Definition comb (t : R) (z1 z2 : vec) : vec :=
  [ffun k => t * z1 k + (1 - t) * z2 k].
Definition shift (s : R) (z z1 z2 : vec) : vec :=
  [ffun k => z k + s * (z1 k - z2 k)].
Definition support (z : vec) := [set k | z k != 0].

Variables (S : vec -> Prop) (F : vec -> R).

Definition extreme (z : vec) := S z /\
  forall z1 z2 t, S z1 -> S z2 -> 0 < t -> t < 1 -> z = comb t z1 z2 -> z1 = z2.

Definition minimizer (z : vec) := S z /\ forall z', S z' -> F z <= F z'.

Hypothesis S_ge0 : forall z, S z -> forall k, 0 <= z k.
Hypothesis S_bounded : exists M, forall z k, S z -> z k <= M.
Hypothesis S_shift : forall s z z1 z2, S z -> S z1 -> S z2 ->
  (forall k, 0 <= shift s z z1 z2 k) -> S (shift s z z1 z2).
Hypothesis F_concave : forall t z1 z2, S z1 -> S z2 -> 0 <= t -> t <= 1 ->
  t * F z1 + (1 - t) * F z2 <= F (comb t z1 z2).

Lemma exists_decreasing_coord z1 z2 : S z1 -> S z2 -> z1 != z2 ->
  exists k, z1 k < z2 k.
Proof.
move=> S1 S2 z12.
case: (boolP [exists k, z1 k < z2 k]) => [/existsP//|/existsPn z21].
have {}z21 k : z2 k <= z1 k by rewrite leNgt z21.
have [k1 z12k1] : exists k, z1 k != z2 k.
  apply/existsP; apply: contraNT z12 => /existsPn z12.
  by apply/eqP/ffunP => k; apply/eqP; rewrite -[_ == _]negbK z12.
have d_gt0 : 0 < z1 k1 - z2 k1 by rewrite subr_gt0 lt_def z12k1 z21.
have [M z_le] := S_bounded; pose s := (M + 1 - z1 k1) / (z1 k1 - z2 k1).
have s_ge0 : 0 <= s by rewrite divr_ge0 ?ltW //; have := z_le z1 k1 S1; lra.
(* Moving from [z1] away from [z2] never leaves [S], against boundedness. *)
have S' : S (shift s z1 z1 z2).
  apply: S_shift => // k; rewrite ffunE.
  by rewrite addr_ge0 ?(S_ge0 S1) // mulr_ge0 // subr_ge0.
have := z_le _ k1 S'; rewrite ffunE /s divfK ?gt_eqF //; lra.
Qed.

Lemma minimizer_shift s z z1 z2 t : minimizer z -> S z1 -> S z2 ->
  0 < t -> t < 1 -> z = comb t z1 z2 -> 0 <= s ->
  S (shift s z z1 z2) -> minimizer (shift s z z1 z2).
Proof.
move=> [Sz z_min] S1 S2 t0 t1 z_comb s0 S'; split=> // w Sw.
apply: le_trans (z_min _ Sw).
set z' := shift s z z1 z2; pose l := t / (t + s).
have ts0 : t + s != 0 by rewrite gt_eqF ?ltr_wpDr.
have l0 : 0 < l by rewrite divr_gt0 ?ltr_wpDr.
have l1 : l <= 1 by rewrite ler_pdivrMr ?ltr_wpDr // mul1r lerDl.
have z_decomp : z = comb l z' z2.
  by apply/ffunP => k; rewrite /z' z_comb !ffunE /l; field.
have := F_concave S' S2 (ltW l0) l1; rewrite -z_decomp.
have := z_min _ S2; nra.
Qed.

Lemma minimizer_shrink z z1 z2 t : minimizer z -> S z1 -> S z2 ->
  0 < t -> t < 1 -> z = comb t z1 z2 -> z1 != z2 ->
  exists2 z', minimizer z' & (#|support z'| < #|support z|)%N.
Proof.
move=> z_min S1 S2 t0 t1 z_comb z12.
have [k1 z12k1] := exists_decreasing_coord S1 S2 z12.
have dk1 : z1 k1 - z2 k1 < 0 by rewrite subr_lt0.
have [s [k0 [s0 dk0 zk0 z'_ge0]]] :=
  ratio_test (u := fun k => z1 k - z2 k) (S_ge0 z_min.1) dk1.
have off_support k : z k = 0 -> z1 k - z2 k = 0.
  move=> zk; have [|->->] := convex_comb_eq0 t0 t1 (S_ge0 S1 k) (S_ge0 S2 k).
    by rewrite -zk z_comb ffunE.
  by rewrite subrr.
have S' : S (shift s z z1 z2).
  by apply: S_shift z_min.1 S1 S2 _ => k; rewrite ffunE.
exists (shift s z z1 z2).
  exact: minimizer_shift z_min S1 S2 t0 t1 z_comb s0 S'.
apply: proper_card; apply/properP; split.
  apply/subsetP => k; rewrite !inE ffunE; apply: contra_neq => zk.
  by rewrite zk off_support // mulr0 addr0.
exists k0; last by rewrite inE ffunE zk0 eqxx.
by rewrite inE; apply: contraTneq dk0 => /off_support ->; rewrite ltxx.
Qed.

● **Assignment**
Lines that contain "pose" are to be copied from the records above.

● **Exercise result**
have [M z_le] := S_bounded; pose s := (M + 1 - z1 k1) / (z1 k1 - z2 k1).
set z' := shift s z z1 z2; pose l := t / (t + s).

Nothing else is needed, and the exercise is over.